Cancer research spans a wide spectrum from basic research in academia to post market monitoring of FDA approved therapies.

TRAC has been used successfully in cancer research including biomarker screening, signaling pathway mapping, inflammation research, monitoring the effects of gene silencing (RNAi), and many other more specific areas of investigation. TRAC can also be used to characterize the disease states and to examine how gene expression changes as the disease progresses.

Literature

Rautio J.J. et. al: TRAC in high-content gene expression analysis: applications in microbial population studies, process biotechnology and biomedical research. Expert Rev. Mol Diagn. 2008, 8(4), 379-385.

Metabolism

Numerous challenges face diabetes researchers. Energy metabolism disorders are complex multi-tissue and multigenic diseases. Research strategies often incorporate gene knockout/downs and different diet regimes and extended sampling over time. The tissues tested are muscle, adipose and liver. Large numbers of samples are the rule in these experimental designs. The scientist often compromises on the numbers of genes examined in the protocol because of labor and cost issues. The PlexPress value proposition for gene expression analysis enables researchers to better understand the mechanism of action of biological systems. This is done through broadening the experimental design to consider the impact of multiple changes of the biological state on expression behavior which can be done with precision and cost-effectively.

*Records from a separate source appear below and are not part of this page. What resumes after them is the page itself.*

(* The stationary solution W_t = sum_{n>=0} A_t...A_{t-n+1} B_{t-n}, coordinatewise;
   all terms are nonnegative, so the series is taken in the extended reals. *)
Definition Wsol (A : int -> T -> 'M[R]_d) (B : int -> T -> 'cV[R]_d) (t : int) (i : 'I_d) (x : T) : \bar R :=
  (\sum_(0 <= n <oo) ((prodA A t n x *m B (t - n%:Z) x) i ord0)%:E)%E.

(* i ≺ j : i != j and P(A_ij > 0) > 0, with A a generic copy (here A_0). *)
Definition prec (A : int -> T -> 'M[R]_d) (i j : 'I_d) : Prop :=
  i != j /\ (0 < P [set x | (0 < A 0%R x i j)%R])%E.

(* Pi^(i)_{t,t-n+1} = A_ii,t ... A_ii,t-n+1 (= 1 when n = 0) *)
Definition PiA (A : int -> T -> 'M[R]_d) (i : 'I_d) (t : int) (n : nat) (x : T) : R :=
  \prod_(k < n) A (t - k%:Z) x i i.

Definition Dterm (A : int -> T -> 'M[R]_d) (B : int -> T -> 'cV[R]_d) (i : 'I_d) (t : int) (x : T) : \bar R :=
  (\sum_(j < d | `[< prec A i j >]) ((A t x i j)%:E * Wsol A B (t - 1) j x)
     + (B t x i ord0)%:E)%E.

Definition nonarithmetic_log (Y : T -> R) : Prop :=
  forall h : R, 0 < h ->
    (0 < P [set x | ((0 < Y x) /\ ~ (exists k : int, ln (Y x) = k%:~R * h))%R])%E.

Definition logp (x : R) : R := Num.max (ln x) 0.

Definition condT (A : int -> T -> 'M[R]_d) (B : int -> T -> 'cV[R]_d)
  (alpha : 'I_d -> R) : Prop :=
  (forall i j, P [set x | 0 <= A 0%R x i j] = 1%E) /\
  (forall i, P [set x | 0 <= B 0%R x i ord0] = 1%E) /\
  (forall i, (P [set x | (B 0%R x i ord0 = 0)%R] < 1)%E) /\
  (forall i j : 'I_d, (j < i)%N -> P [set x | A 0%R x i j = 0] = 1%E) /\
  (forall i, 0 < alpha i) /\ injective alpha /\
  (forall i, (\int[P]_x ((A 0%R x i i) `^ (alpha i))%:E)%E = 1%E) /\
  (forall i j, (\int[P]_x ((A 0%R x i j) `^ (alpha i))%:E < +oo)%E) /\
  (forall i, (\int[P]_x ((B 0%R x i ord0) `^ (alpha i))%:E < +oo)%E) /\
  (forall i, (\int[P]_x ((A 0%R x i i) `^ (alpha i) * logp (A 0%R x i i))%:E < +oo)%E) /\
  (forall i, nonarithmetic_log (fun x => A 0%R x i i)).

An example of this approach is work done by Metabolex that was presented at the 2009 Society for Biomolecular Screening conference in Lille France. The result: a new biomarker, new hypothesis and a new target.

The study investigated the interactive impact of genes, diet, knock -outs, and tissue types on metabolic processes. TRAC enabled a 4 dimensional, 240 cluster (representing 240 biological states or conditions) experimental design generating 10,560 data points. Previously this experiment was not contemplated due to resource constraints, prohibitive cost and comparability issues across tests. With precise data from TRAC all normalized to a common reference, a candidate marker was observed by comparing just 2 of the 240 biological states created by the test design. The results led to a new lipogenesis MOA (mechanism of action) including a target for metabolism control. The information value delivered by the experiment exemplifies the primary benefit TRAC provides users - with testing done cost-effectively in 4 hours.